Mit rotgrüner Mehrheit beschloss der Bundestag: »Die EU-Kommission wird aufgefordert, die EU-Dienstleistungsrichtlinie zurückzuziehen, grundlegend zu überarbeiten und einen geänderte Entwurf vorzulegen.« Natürlich stimmten da auch Gesine Lötzsch und Petra Pau zu. Am 2. September reichte dann plötzlich sogar CDU-Hardliner Koch für Hessen einen Antrag ein, in dem überraschend harte Bundesratsbedenken zusammengefasst wurden, um Geltungsbereiche herauszunehmen: soziale und Gesundheitsdienste, Pflege, audiovisuelle Dienstleistungen und das gesamte Bauwesen. Besonders das berüchtigte Herkunftslandprinzip wurde kritisiert, wonach hier zu Lande für Dienstleistungen – samt ihrer Reklamationen! – ausländisches Recht gelten würde. Ein skurriles Rechtssplitting! Abschließend wurden Bundesregierung und EU-Parlamentarier aufgefordert, sich für die »geäußerten Positionen einzusetzen«. Der Antrag zielte auf die für Ende Januar 2006 zu erwartende Entscheidung des Europäischen Parlaments.
Im Vertrag der Großen Koalition gab’s dann dazu, außer pro Meisterbrief, nichts Präzises mehr. Die Wahl war gelaufen, das Verfahren schwenkte wieder gänzlich hinter die Kulissen, ins ferne Brüssel. Am Dienstag tagte dort der federführende EP-Binnenmarktausschuss und stellte sich, so die FAZ, hinter einen Vorschlag von Liberalen und Konservativen, »der sich gegen die starke Einschränkung der von der EU-Kommission vorgeschlagenen Liberalisierung wendet«. Die Kompromissvorschläge von Rotgrünen um die SPD-Abgeordnete Evelyne Gebhardt wurden, obwohl nun deckungsgleich mit CDU-Bedenken, niedergestimmt. Die Unionsabgeordneten kümmerten sich nicht mehr um CDU-geführte Landesregierungen und stimmten geschlossen für die Bolkestein-Linie. Sogar einige SP-Vertreter votierten mit Schwarzgelb, Gebhardt enthielt sich.

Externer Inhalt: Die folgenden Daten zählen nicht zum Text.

Definition sd_ob := {d : ob X & fib d -> ob Y}.
Definition sd_hom (u v : sd_ob) :=
  {f : hom (projT1 u) (projT1 v) &
     forall a, hom (projT2 u a) (projT2 v (fibh f a))}.
Definition sd_id (u : sd_ob) : sd_hom u u :=
  existT _ (idc (projT1 u))
    (fun a => eq_rect_r (fun z => hom (projT2 u a) (projT2 u z))
                (idc (projT2 u a)) (fibh_id a)).
Definition sd_comp (u v w : sd_ob) (g : sd_hom v w) (f : sd_hom u v) : sd_hom u w :=
  existT _ (comp (projT1 g) (projT1 f))
    (fun a => eq_rect_r (fun z => hom (projT2 u a) (projT2 w z))
                (comp (projT2 g (fibh (projT1 f) a)) (projT2 f a))
                (fibh_comp (projT1 g) (projT1 f) a)).
Definition sd_cat : cat := @Cat sd_ob sd_hom sd_id sd_comp.

Definition sd_fib (u : sd_ob) := {a : fib (projT1 u) & fib (projT2 u a)}.
Definition sd_fibh (u v : sd_ob) (f : sd_hom u v) (c : sd_fib u) : sd_fib v :=
  existT _ (fibh (projT1 f) (projT1 c)) (fibh (projT2 f (projT1 c)) (projT2 c)).

Lemma sd_fibh_id (u : sd_ob) c : sd_fibh (sd_id u) c = c.
Proof.
case: u c => d psi [a b] /=; rewrite /sd_fibh /=.
move: (fibh_id a); set z := fibh (idc d) a; clearbody z => e.
by subst z; rewrite /= fibh_id.
Qed.

Lemma sd_fibh_comp (u v w : sd_ob) (g : sd_hom v w) (f : sd_hom u v) c :
  sd_fibh (sd_comp g f) c = sd_fibh g (sd_fibh f c).
Proof.
case: c => a b; rewrite /sd_fibh /=.
move: (fibh_comp (projT1 g) (projT1 f) a).
set z := fibh (comp _ _) a; clearbody z => e.
by subst z; rewrite /= fibh_comp.
Qed.

Definition sd : dcat := @DCat sd_cat sd_fib sd_fibh sd_fibh_id sd_fibh_comp.
End SemiDirect.

Definition one_cat : cat := @Cat unit (fun _ _ => unit) (fun _ => tt) (fun _ _ _ _ _ => tt).
Definition one : dcat :=
  @DCat one_cat (fun _ => unit) (fun _ _ _ a => a) (fun _ _ => erefl) (fun _ _ _ _ _ _ => erefl).

(* Morphisms {F, rho} : {D,R} -> {D',R'} with rho : R' o F => R.             *)
Record dmor (X Y : dcat) := DMor {
  dob : ob X -> ob Y;
  dhom : forall x y, hom x y -> hom (dob x) (dob y);
  dnat : forall x, fib (dob x) -> fib x }.
Arguments dob {X Y}. Arguments dhom {X Y} _ {x y}. Arguments dnat {X Y}.

(* genuine morphisms: F a functor, rho a natural transformation *)
Record cmor (X Y : dcat) := CMor {
  cm :> dmor X Y;
  cm_id : forall x, dhom cm (idc x) = idc (dob cm x);
  cm_comp : forall x y z (g : hom y z) (f : hom x y),
      dhom cm (comp g f) = comp (dhom cm g) (dhom cm f);
  cm_nat : forall x y (f : hom x y) a,
      dnat cm y (fibh (dhom cm f) a) = fibh f (dnat cm x a) }.

Definition cid (X : dcat) : cmor X X :=
  @CMor X X (@DMor X X id (fun _ _ f => f) (fun _ a => a))
     (fun _ => erefl) (fun _ _ _ _ _ => erefl) (fun _ _ _ _ => erefl).

Definition dcomp (X Y Z : dcat) (N : dmor Y Z) (M : dmor X Y) : dmor X Z :=
  @DMor X Z (fun x => dob N (dob M x)) (fun x y f => dhom N (dhom M f))
     (fun x c => dnat M x (dnat N (dob M x) c)).

Definition dmor_eq (X Y : dcat) (M N : dmor X Y) : Prop :=
  [/\ forall x, dob M x = dob N x,
      forall x y (f : hom x y),
        existT (fun xy : ob Y * ob Y => hom xy.1 xy.2) (dob M x, dob M y) (dhom M f)
        = existT (fun xy : ob Y * ob Y => hom xy.1 xy.2) (dob N x, dob N y) (dhom N f)
    & forall x,
        existT (fun y : ob Y => fib y -> fib x) (dob M x) (dnat M x)
        = existT (fun y : ob Y => fib y -> fib x) (dob N x) (dnat N x)].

Das französisch-niederländische »Nein!« gegen den EU-Verfassungsvertrag und das gegen den »Bolkestein-Hammer« werden nun eins. Vor der Entscheidung des Europaparlaments muss es nun auch bei uns eine breite Mobilisierung geben. Die Linksfraktion im Bundestag wird mit Anträgen und Anfragen die Dienstleitungsrichtlinie offensiv angehen. Und außerhalb müssen wir breite Bündnisse schmieden, gemeinsam mit Gewerkschaften, bis hin zu mittelgroßen Unternehmen. Künstler, Wissenschaftler, Handwerker u.a. informieren, dass hinter dem harmlosen Wort »Dienstleistungsrichtlinie« Arbeitsplatz- und Mittelstandsvernichtung steckt. Und darüber aufklären, wie die Herrschenden, ja Vertreter derselben Parteien, sich bei uns sozial aufspielen, um dann aus der Stille des Brüsseler Raums den Angriff auf erkämpfte soziale und andere Standards zu verschärfen. Solange hierzulande Schweigen herrscht! Aber Brüssel kommt ja zu allen nach Hause.